What you will do: For the records below, report how many lines include "sequences", with no accompanying text.
BEGIN Material provided
(* Let $L,R$ be nonempty subsets of a group $G$ such that $\mathcal{W}(L)$ and $\mathcal{W}(R)$ are subgroups of $G$, let $s\in G$, and let $k_s$ be the minimum strong connection length in $\langle L\rangle s\langle R\rangle$. If $k_s$ is finite, the double coset $\langle L\rangle s\langle R\rangle$ is the union of exactly $k_s$ strongly connected components of $2\mathrm{S}(G;L,R)$, all of the same cardinality; if $k_s$ is infinite it is the union of infinitely many strongly connected components. Moreover, if $k_s$ is finite and $L\cap N_G(L)\neq\emptyset$ or $R\cap N_G(R)\neq\emptyset$, then all strongly connected components contained in $\langle L\rangle s\langle R\rangle$ are isomorphic as digraphs.
   Context: For nonempty subsets $L,R$ of a group $G$, the two-sided group digraph $2\mathrm{S}(G;L,R)$ has vertex set $G$ and a directed arc $(g,h)$ if and only if $h=l^{-1}gr$ for some $l\in L$, $r\in R$. For nonempty $S$, $\mathcal{W}(S)$ is the set of elements expressible as finite products $s_1\cdots s_n$, $n\ge1$, $s_i\in S$. $g$ is strongly connected to $h$ if there are directed paths from $g$ to $h$ and from $h$ to $g$. Assuming $\mathcal{W}(L),\mathcal{W}(R)$ are subgroups, the minimum strong connection length $k_s$ in $\langle L\rangle s\langle R\rangle$ is the minimum positive length of a word $w$ whose letters all lie in $L$ or all lie in $L^{-1}$ such that $ws$ is strongly connected to $s$ (equivalently, the minimum positive length of a word $w$ with letters all in $R$ or all in $R^{-1}$ such that $sw$ is strongly connected to $s$); it is infinite if no such word exists. $N_G(L)=\{g\in G:g^{-1}Lg=L\}$. *)

(* G may be an infinite group, so we use an abstract group record. *)
From Stdlib Require Import Relations Arith.

Record group := Group {
  gcar :> Type;
  gmul : gcar -> gcar -> gcar;
  gone : gcar;
  ginv : gcar -> gcar;
  gmulA : forall x y z, gmul x (gmul y z) = gmul (gmul x y) z;
  gmul1 : forall x, gmul gone x = x;
  gmulV : forall x, gmul (ginv x) x = gone
}.

Arguments gmul {g}. Arguments gone {g}. Arguments ginv {g}.

Section Defs.
Variable G : group.
Implicit Types (L R S H : G -> Prop) (g h x y s : G).

Definition is_subgroup H : Prop :=
  H gone /\ (forall x y, H x -> H y -> H (gmul x y)) /\ (forall x, H x -> H (ginv x)).

Inductive Wd S : G -> Prop :=
  | Wd_one : forall s, S s -> Wd S s
  | Wd_cons : forall s x, S s -> Wd S x -> Wd S (gmul s x).

Inductive gen S : G -> Prop :=
  | gen_1 : gen S gone
  | gen_mul : forall s x, S s -> gen S x -> gen S (gmul s x)
  | gen_mulV : forall s x, S s -> gen S x -> gen S (gmul (ginv s) x).

Definition arc L R g h : Prop :=
  exists l r, L l /\ R r /\ h = gmul (gmul (ginv l) g) r.

Definition reach L R : relation G := clos_refl_trans G (arc L R).

Definition strongly_connected L R g h : Prop := reach L R g h /\ reach L R h g.

Definition dcoset L R s x : Prop :=
  exists a b, gen L a /\ gen R b /\ x = gmul (gmul a s) b.

Inductive word_len (P : G -> Prop) : nat -> G -> Prop :=
  | wl_0 : word_len P 0 gone
  | wl_S : forall n p w, P p -> word_len P n w -> word_len P (Datatypes.S n) (gmul p w).

Definition invset (P : G -> Prop) : G -> Prop := fun y => P (ginv y).

Definition conn_len L R s (n : nat) : Prop :=
  0 < n /\ exists w, (word_len L n w \/ word_len (invset L) n w) /\
                     strongly_connected L R (gmul w s) s.

Definition min_conn_len L R s (k : nat) : Prop :=
  conn_len L R s k /\ forall n, conn_len L R s n -> k <= n.

Definition conn_len_infinite L R s : Prop := forall n, ~ conn_len L R s n.

Definition normalizer (P : G -> Prop) (g : G) : Prop :=
  (forall p, P p -> P (gmul (gmul (ginv g) p) g)) /\
  (forall p, P p -> exists q, P q /\ p = gmul (gmul (ginv g) q) g).

Definition scc L R a : G -> Prop := fun x => strongly_connected L R a x.

Definition equipotent (A B : G -> Prop) : Prop :=
  exists (f : sig A -> sig B) (f' : sig B -> sig A),
    (forall u, f' (f u) = u) /\ (forall v, f (f' v) = v).

Definition digraph_iso L R (A B : G -> Prop) : Prop :=
  exists (f : sig A -> sig B) (f' : sig B -> sig A),
    (forall u, f' (f u) = u) /\ (forall v, f (f' v) = v) /\
    (forall u v, arc L R (proj1_sig u) (proj1_sig v) <->
                 arc L R (proj1_sig (f u)) (proj1_sig (f v))).

End Defs.

From Stdlib Require Import Relations Arith Lia ProofIrrelevance Setoid.

(* Strong connectivity in 2S(G;L,R) is the relation x ~ u^-1 x v, where u and v are products
   of equally many letters of L and of R.  Because W(L) and W(R) are groups, these "balanced"
   pairs (u, v) form a group: reachability is therefore symmetric, ~ is an equivalence, and it
   is preserved by left multiplication by L^{+-1} and right multiplication by R^{+-1}, since
   conjugating a balanced pair by a letter keeps it balanced.

   Fix l0 in L.  The arcs l x -> x r give l x ~ x r ~ l' x, so every element of <L> s <R> is
   linked to some l0^j s, and for i < j we have l0^i s ~ l0^j s exactly when j - i is a
   connection length.  Thus l0^0 s, ..., l0^(k_s - 1) s represent the components of the double
   coset without repetition, and all l0^j s lie in distinct components when k_s is infinite.
   Multiplying on the left by powers of l0 carries these components onto one another; when
   some l in L normalizes L (or r in R normalizes R), x |-> l x (or x |-> x r) is moreover an
   automorphism of the digraph sending the component of l0^j s to that of l0^(j+1) s. *)


Section TwoSidedGroupDigraph.
Variable G : group.
Local Infix "**" := (@gmul G) (at level 40, left associativity).
Local Notation "1" := (@gone G).
Local Notation inv := (@ginv G).

Lemma mulgA (x y z : G) : x ** (y ** z) = x ** y ** z.
Proof. apply gmulA. Qed.
Lemma mul1g (x : G) : 1 ** x = x.
Proof. apply gmul1. Qed.
Lemma mulVg (x : G) : inv x ** x = 1.
Proof. apply gmulV. Qed.
Lemma mulKg (x y : G) : inv x ** (x ** y) = y.
Proof. rewrite mulgA, mulVg, mul1g. reflexivity. Qed.
Lemma mulgV (x : G) : x ** inv x = 1.
Proof.
  rewrite <- (mulKg (inv x) (x ** inv x)).
  rewrite (mulgA (inv x) x (inv x)), mulVg, mul1g, mulVg. reflexivity.
Qed.
Lemma mulg1 (x : G) : x ** 1 = x.
Proof. rewrite <- (mulVg x), mulgA, mulgV, mul1g. reflexivity. Qed.
Lemma mulKVg (x y : G) : x ** (inv x ** y) = y.
Proof. rewrite mulgA, mulgV, mul1g. reflexivity. Qed.
Lemma mulgK (x y : G) : y ** x ** inv x = y.
Proof. rewrite <- mulgA, mulgV, mulg1. reflexivity. Qed.
Lemma mulgKV (x y : G) : y ** inv x ** x = y.
Proof. rewrite <- mulgA, mulVg, mulg1. reflexivity. Qed.
Lemma mulg_eq1_inv (x y : G) : x ** y = 1 -> y = inv x.
Proof. intro H. rewrite <- (mulKg x y), H, mulg1. reflexivity. Qed.
Lemma invgK (x : G) : inv (inv x) = x.
Proof. symmetry. apply mulg_eq1_inv, mulVg. Qed.
Lemma invMg (x y : G) : inv (x ** y) = inv y ** inv x.
Proof.
  symmetry. apply mulg_eq1_inv.
  rewrite <- mulgA, (mulgA y (inv y)), mulgV, mul1g, mulgV. reflexivity.
Qed.
Lemma invg1 : inv 1 = 1.
Proof. symmetry. apply mulg_eq1_inv, mul1g. Qed.

Ltac group_simpl := repeat (rewrite ?invMg, ?invgK, ?invg1; rewrite <- ?mulgA;
  rewrite ?mulKg, ?mulKVg, ?mul1g, ?mulg1, ?mulgV, ?mulVg).

Lemma iter_cancel (f f' : G -> G) d x :
  (forall y, f' (f y) = y) -> Nat.iter d f' (Nat.iter d f x) = x.
Proof.
  intro H. induction d as [|d IH]; [reflexivity|].
  rewrite Nat.iter_succ_r, Nat.iter_succ, H. exact IH.
Qed.

Lemma iter_mulg_one g n x : Nat.iter n (gmul g) 1 ** x = Nat.iter n (gmul g) x.
Proof.
  induction n as [|n IH]; simpl; [apply mul1g|]. rewrite <- mulgA, IH. reflexivity.
Qed.

Section Words.
Variable P : G -> Prop.

Lemma word_len_cat n m w w' :
  word_len G P n w -> word_len G P m w' -> word_len G P (n + m) (w ** w').
Proof.
  induction 1; intros Hw'; simpl.
  - rewrite mul1g. exact Hw'.
  - rewrite <- mulgA. constructor; auto.
Qed.

Lemma word_len1_mul n q : word_len G P n 1 -> word_len G P (q * n) 1.
Proof.
  intro H. induction q as [|q IH]; simpl; [constructor|].
  rewrite <- (mul1g 1). apply word_len_cat; assumption.
Qed.

Lemma Wd_word_len x : Wd G P x -> exists n, word_len G P (S n) x.
Proof.
  induction 1 as [p Hp|p x Hp _ [n Hn]].
  - exists 0. rewrite <- (mulg1 p). constructor; [assumption|constructor].
  - exists (S n). constructor; assumption.
Qed.

Lemma word_len_invg_letter p : is_subgroup G (Wd G P) -> P p ->
  exists n, word_len G P (S n) (inv p) /\ word_len G P (S (S n)) 1.
Proof.
  intros [_ [_ HWinv]] Hp.
  destruct (Wd_word_len _ (HWinv _ (Wd_one G P p Hp))) as [n Hn].
  exists n. split; [assumption|].
  rewrite <- (mulgV p). constructor; assumption.
Qed.

Lemma gen_mulg x y : gen G P x -> gen G P y -> gen G P (x ** y).
Proof.
  induction 1; intros Hy.
  - rewrite mul1g. exact Hy.
  - rewrite <- mulgA. apply gen_mul; auto.
  - rewrite <- mulgA. apply gen_mulV; auto.
Qed.

Lemma gen_letter p : P p -> gen G P p.
Proof. intro Hp. rewrite <- (mulg1 p). apply gen_mul; [assumption|constructor]. Qed.

Lemma gen_invg x : gen G P x -> gen G P (inv x).
Proof.
  induction 1 as [|p x Hp _ IH|p x Hp _ IH]; rewrite ?invg1, ?invMg; [constructor| |].
  - apply gen_mulg; [exact IH|]. rewrite <- (mulg1 (inv p)). apply gen_mulV; [assumption|constructor].
  - rewrite invgK. apply gen_mulg; [exact IH|apply gen_letter; assumption].
Qed.

End Words.

Section Linking.
Variables L R : G -> Prop.
Hypothesis hWL : is_subgroup G (Wd G L).
Hypothesis hWR : is_subgroup G (Wd G R).

(* A path of length n from x in 2S(G;L,R) ends at u^-1 x v for some paired word (u,v) of length n. *)
Inductive paired_word : nat -> G -> G -> Prop :=
  | pw_nil : paired_word 0 1 1
  | pw_cons n l r u v : L l -> R r -> paired_word n u v ->
      paired_word (S n) (l ** u) (r ** v).

Definition balanced u v := exists n, paired_word n u v.

Definition linked x y := exists u v, balanced u v /\ y = inv u ** x ** v.

Lemma paired_word_cat n m u v u' v' :
  paired_word n u v -> paired_word m u' v' -> paired_word (n + m) (u ** u') (v ** v').
Proof.
  induction 1; intros H'; simpl.
  - rewrite !mul1g. exact H'.
  - rewrite <- !mulgA. constructor; auto.
Qed.

Lemma paired_word_of_word_len n u v :
  word_len G L n u -> word_len G R n v -> paired_word n u v.
Proof.
  intro Hu; revert v; induction Hu; intros v' Hv; inversion Hv; subst; constructor; auto.
Qed.

Lemma paired_word_gen n u v : paired_word n u v -> gen G L u /\ gen G R v.
Proof.
  induction 1 as [|n l r u v Hl Hr _ [Hu Hv]]; [split; constructor|].
  split; apply gen_mul; assumption.
Qed.

Lemma balanced1 : balanced 1 1.
Proof. exists 0. constructor. Qed.

Lemma balancedM u v u' v' : balanced u v -> balanced u' v' -> balanced (u ** u') (v ** v').
Proof. intros [n H] [m H']. exists (n + m). apply paired_word_cat; assumption. Qed.

Lemma balanced_letter l r : L l -> R r -> balanced l r.
Proof.
  intros Hl Hr. exists 1%nat. rewrite <- (mulg1 l), <- (mulg1 r).
  constructor; [assumption|assumption|constructor].
Qed.

(* [l^-1] and [r^-1] are words of lengths [p+1] and [q+1], and [1] is a word of length [p+2]
   in [L] and [q+2] in [R]; padding with [1] equalises the lengths. *)
Lemma balancedV_letter l r : L l -> R r -> balanced (inv l) (inv r).
Proof.
  intros Hl Hr.
  destruct (word_len_invg_letter _ _ hWL Hl) as [p [Hp HL1]].
  destruct (word_len_invg_letter _ _ hWR Hr) as [q [Hq HR1]].
  exists (S p + S q * S (S p)). apply paired_word_of_word_len.
  - rewrite <- (mulg1 (inv l)). apply word_len_cat; [|apply word_len1_mul]; assumption.
  - replace (S p + S q * S (S p)) with (S q + S p * S (S q)) by lia.
    rewrite <- (mulg1 (inv r)). apply word_len_cat; [|apply word_len1_mul]; assumption.
Qed.

Lemma balancedV u v : balanced u v -> balanced (inv u) (inv v).
Proof.
  intros [n H]. induction H.
  - rewrite invg1. apply balanced1.
  - rewrite !invMg. apply balancedM; [|apply balancedV_letter]; assumption.
Qed.

Lemma balanced_conj a b u v :
  balanced a b -> balanced u v -> balanced (a ** u ** inv a) (b ** v ** inv b).
Proof. intros. apply balancedM; [apply balancedM|apply balancedV]; assumption. Qed.
(* Let $L:\mathcal{S}\times\{0,1\}\to[0,1]$ be a Lyapunov function with respect to some stochastic Markov policy $\pi_s$ (so the constraint sets below are nonempty). Define the operator $$(\mathcal{T}_{\mathrm{exp}}V)(s,x)=\max_{\pi(\cdot\mid s,x)}\big\{(\mathcal{T}_d^{\pi}V)(s,x)\ :\ (\mathcal{T}_d^{\pi}L)(s,x)\le L(s,x)\big\},$$ where the maximum is over probability distributions $\pi(\cdot\mid s,x)$ on $\mathcal{A}$. Then $\mathcal{T}_{\mathrm{exp}}$ has a unique fixed point $V_{\mathrm{exp}}$, value iteration $V\mapsto\mathcal{T}_{\mathrm{exp}}V$ converges to it, and a policy $\pi_e$ attaining the maximum in $(\mathcal{T}_{\mathrm{exp}}V_{\mathrm{exp}})(s,x)$ at every $(s,x)$ satisfies $V^{\pi_e}=V_{\mathrm{exp}}$ and is an optimal solution of $$\max_{\pi}\ V^{\pi}(s_0,1)\quad\text{s.t.}\quad(\mathcal{T}_d^{\pi}L)(s,x)\le L(s,x)\ \ \forall (s,x)\in\mathcal{S}\times\{0,1\},$$ for the initial state $s_0$; in particular $V_{\mathrm{exp}}$ is the probability of unsafety under such a policy.
   Context: Consider a Markov decision process with finite state set $\mathcal{S}$, finite action set $\mathcal{A}$ and transition probabilities $p(s'\mid s,a)$. A target (unsafe) set $\mathcal{G}\subseteq\mathcal{S}$ and a set of terminal states $\mathcal{S}_{\mathrm{term}}\subseteq\mathcal{S}$ are given, and $\mathcal{S}'=\mathcal{S}\setminus\mathcal{S}_{\mathrm{term}}$. The process is augmented with a variable $x_t\in\{0,1\}$ defined by $x_{t+1}=x_t\mathbf{1}_{\mathcal{G}^c}(s_t)$, so $(s_t,x_t)$ is Markov. A (stochastic Markov) policy $\pi$ gives probabilities $\pi(a\mid s,x)$. Let $T^*$ be the first time $t$ with $s_t\in\mathcal{S}_{\mathrm{term}}$. Standing assumption: there is an integer $m$ such that, for every policy and every initial state, $\mathcal{S}_{\mathrm{term}}$ is reached within $m$ steps with positive probability. The stage cost is $d(s,x)=x\,\mathbf{1}_{\mathcal{G}}(s)$ and $V^\pi(s,x)=\mathbb{E}^\pi\big[\sum_{t=0}^{T^*-1}d(s_t,x_t)\mid (s_0,x_0)=(s,x)\big]$ (probability of unsafety when $x=1$). The Bellman operator $\mathcal{T}_d^\pi$ acts on $V:\mathcal{S}\times\{0,1\}\to\mathbb{R}$ by $(\mathcal{T}_d^\pi V)(s,x)=d(s,x)+\sum_{a}\pi(a\mid s,x)\sum_{s'}p(s'\mid s,a)\,V(s',x\mathbf{1}_{\mathcal{G}^c}(s))$ for $s\in\mathcal{S}'$, and $(\mathcal{T}_d^\pi V)(s,x)=0$ for $s\in\mathcal{S}_{\mathrm{term}}$. Given $\alpha\in(0,1)$ and $S_0\subseteq\mathcal{S}$, a function $L:\mathcal{S}\times\{0,1\}\to[0,1]$ is a Lyapunov function with respect to a policy $\pi$ if $(\mathcal{T}_d^{\pi}L)(s,x)\le L(s,x)$ for all $(s,x)\in\mathcal{S}\times\{0,1\}$ and $L(s,1)\le\alpha$ for all $s\in S_0$. *)

From HB Require Import structures.
From mathcomp Require Import all_boot.
From Stdlib Require Import Reals.
Set Implicit Arguments. Unset Strict Implicit. Unset Printing Implicit Defensive.
Open Scope R_scope.

HB.instance Definition _ := Monoid.isComLaw.Build R R0 Rplus
  (fun x y z => esym (Rplus_assoc x y z)) Rplus_comm Rplus_0_l.

Definition rsum (T : finType) (f : T -> R) : R := \big[Rplus/R0]_(i : T) f i.

Section MDP.
Variables (S A : finType).
(* p s a s' = p(s' | s, a) *)
Variable p : S -> A -> S -> R.
(* G : unsafe target set, Sterm : terminal states *)
Variables (G Sterm : pred S).

Definition is_kernel : Prop :=
  (forall s a s', 0 <= p s a s') /\ (forall s a, rsum (p s a) = 1).

Definition is_dist (q : A -> R) : Prop :=
  (forall a, 0 <= q a) /\ rsum q = 1.

(* stochastic Markov policy on the augmented state (s,x), x : bool ~ {0,1} *)
Definition is_policy (pi : S -> bool -> A -> R) : Prop :=
  forall s x, is_dist (pi s x).

Definition dcost (s : S) (x : bool) : R := if x && G s then 1 else 0.

Definition xnext (s : S) (x : bool) : bool := x && ~~ G s.

(* Bellman operator at (s,x), depending only on the local distribution
   q = pi(. | s, x) *)
Definition Tloc (q : A -> R) (V : S -> bool -> R) (s : S) (x : bool) : R :=
  if Sterm s then 0
  else dcost s x + rsum (fun a => q a * rsum (fun s' => p s a s' * V s' (xnext s x))).

Definition Td (pi : S -> bool -> A -> R) (V : S -> bool -> R) (s : S) (x : bool) : R :=
  Tloc (pi s x) V s x.

Definition is_lyapunov (alpha : R) (S0 : pred S) (pi : S -> bool -> A -> R)
    (L : S -> bool -> R) : Prop :=
  (forall s x, 0 <= L s x <= 1) /\
  (forall s x, Td pi L s x <= L s x) /\
  (forall s, S0 s -> L s true <= alpha).

(* mu pi s0 x0 t s x = P^pi( s_t = s, x_t = x, s_0,...,s_{t-1} not terminal
   | (s_0,x_0) = (s0,x0) ) *)
Fixpoint mu (pi : S -> bool -> A -> R) (s0 : S) (x0 : bool) (t : nat)
    (s' : S) (x' : bool) : R :=
  match t with
  | O => if (s' == s0) && (x' == x0) then 1 else 0
  | t'.+1 =>
      rsum (fun s => rsum (fun x : bool =>
        if Sterm s then 0
        else if x' == xnext s x then
          mu pi s0 x0 t' s x * rsum (fun a => pi s x a * p s a s')
        else 0))
  end.

(* E^pi[ d(s_t,x_t) 1{t < T*} ] *)
Definition cost_term (pi : S -> bool -> A -> R) (s0 : S) (x0 : bool) (t : nat) : R :=
  rsum (fun s => rsum (fun x : bool =>
    if Sterm s then 0 else mu pi s0 x0 t s x * dcost s x)).

(* P^pi( T* = t ) *)
Definition term_prob (pi : S -> bool -> A -> R) (s0 : S) (x0 : bool) (t : nat) : R :=
  rsum (fun s => rsum (fun x : bool =>
    if Sterm s then mu pi s0 x0 t s x else 0)).

(* v = V^pi(s0,x0) = E^pi[ sum_{t=0}^{T*-1} d(s_t,x_t) ]
   = sum_{t>=0} E^pi[ d(s_t,x_t) 1{t < T*} ] *)
Definition HasValue (pi : S -> bool -> A -> R) (s0 : S) (x0 : bool) (v : R) : Prop :=
  Un_cv (fun n => sum_f_R0 (cost_term pi s0 x0) n) v.

Definition standing_assumption : Prop :=
  exists m : nat, forall pi, is_policy pi -> forall s0 x0,
    0 < sum_f_R0 (term_prob pi s0 x0) m.

(* W = T_exp V : W(s,x) is the maximum of (T_d^q V)(s,x) over distributions q
   on A with (T_d^q L)(s,x) <= L(s,x)  (attained, and an upper bound). *)
Definition IsTexp (L V W : S -> bool -> R) : Prop :=
  forall s x,
    (exists q, is_dist q /\ Tloc q L s x <= L s x /\ Tloc q V s x = W s x) /\
    (forall q, is_dist q -> Tloc q L s x <= L s x -> Tloc q V s x <= W s x).

End MDP.

From HB Require Import structures.
From mathcomp Require Import all_boot.
From Stdlib Require Import Reals Lra Psatz IndefiniteDescription FunctionalExtensionality.
Open Scope R_scope.
Set Implicit Arguments. Unset Strict Implicit.

(* The maximum defining [T_exp] is a linear program in the distribution [q] with a single
   linear constraint, so it is attained at a mixture of at most two point masses, optimality
   being certified by a nonnegative Lagrange multiplier.  A maximizer for one argument is feasible
   for any other, hence [|T_exp V - T_exp V'|] is bounded by a one-step expectation of [|V - V'|]:
   differences along [T_exp]-orbits are dominated by a chain killed on [S_term].  Iterating the
   all-actions predecessor operator from [S_term] stabilizes, and by the standing assumption at
   the whole state space, so from every state [S_term] is hit within [N] steps with probability at
   least [c^N] ([c] the least positive transition probability) whatever the actions; dominated
   sequences therefore decay geometrically.  This yields uniqueness of the fixed point and
   convergence of value iteration, while existence follows from the monotone, bounded value
   iteration started at [0].  Finally, the partial sums of the expected cost of a policy are the
   iterates of its Bellman operator started at [0]: for [pi_e] they converge to [V_exp] by the
   same domination, and for any feasible policy they stay below [V_exp], which is a
   supersolution of its Bellman operator. *)

(** * Finite sums and real sequences *)

Lemma cv_const (c : R) : Un_cv (fun _ => c) c.
Proof. by move=> eps eps0; exists 0%nat => n _; rewrite /R_dist Rminus_diag Rabs_R0. Qed.

Section RealSums.
Variable T : finType.
Implicit Types f g : T -> R.

Lemma rsum_ext f g : (forall i, f i = g i) -> rsum f = rsum g.
Proof. by move=> fg; apply: eq_bigr => i _. Qed.

Lemma rsum_le f g : (forall i, f i <= g i) -> rsum f <= rsum g.
Proof.
move=> fg; apply: (big_ind2 (fun a b => a <= b)) => //; first exact: Rle_refl.
by move=> *; lra.
Qed.
Definition phi_mono (R : numFieldType) (N : int) (g : rat) (i : int) : lpoly R :=
  if i <= N then lscale ((-1) ^ (i + 1)) (ressum R (g - i%:~R) i N)
  else lmono R i.

Definition phi (R : numFieldType) (N : int) (g : rat) (s : lpoly R) : lpoly R :=
  flatten [seq lscale t.2 (phi_mono R N g t.1) | t <- s].

(* s lies in O(N,Q,q;z): s is (as a Laurent polynomial) a finite linear
   combination of z^i (i >= N+1) and of sum_{i=0}^{N-q-j} binom(Q,i) z^{i+q+j}
   (j <= 0). *)
Definition inO (R : numFieldType) (N : int) (Q : rat) (q : int) (s : lpoly R) : Prop :=
  exists (a b : seq (int * R)),
    all (fun t => N < t.1) a /\ all (fun t => t.1 <= 0) b /\
    lcoef s =1 lcoef (a ++ flatten [seq lscale t.2 (ressum R Q (q + t.1) N) | t <- b]).
Arguments ressum R c a M : clear implicits.
Arguments phi_mono R N g i : clear implicits.
Arguments phi R N g s : clear implicits.
Arguments inO R N Q q s : clear implicits.

From HB Require Import structures.
From mathcomp Require Import all_boot all_order all_algebra.
From mathcomp Require Import zify ring.
Set Implicit Arguments.
Unset Strict Implicit.
Unset Printing Implicit Defensive.
Import Order.TTheory GRing.Theory Num.Theory.
Local Open Scope ring_scope.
END Material provided
Solved problem: 2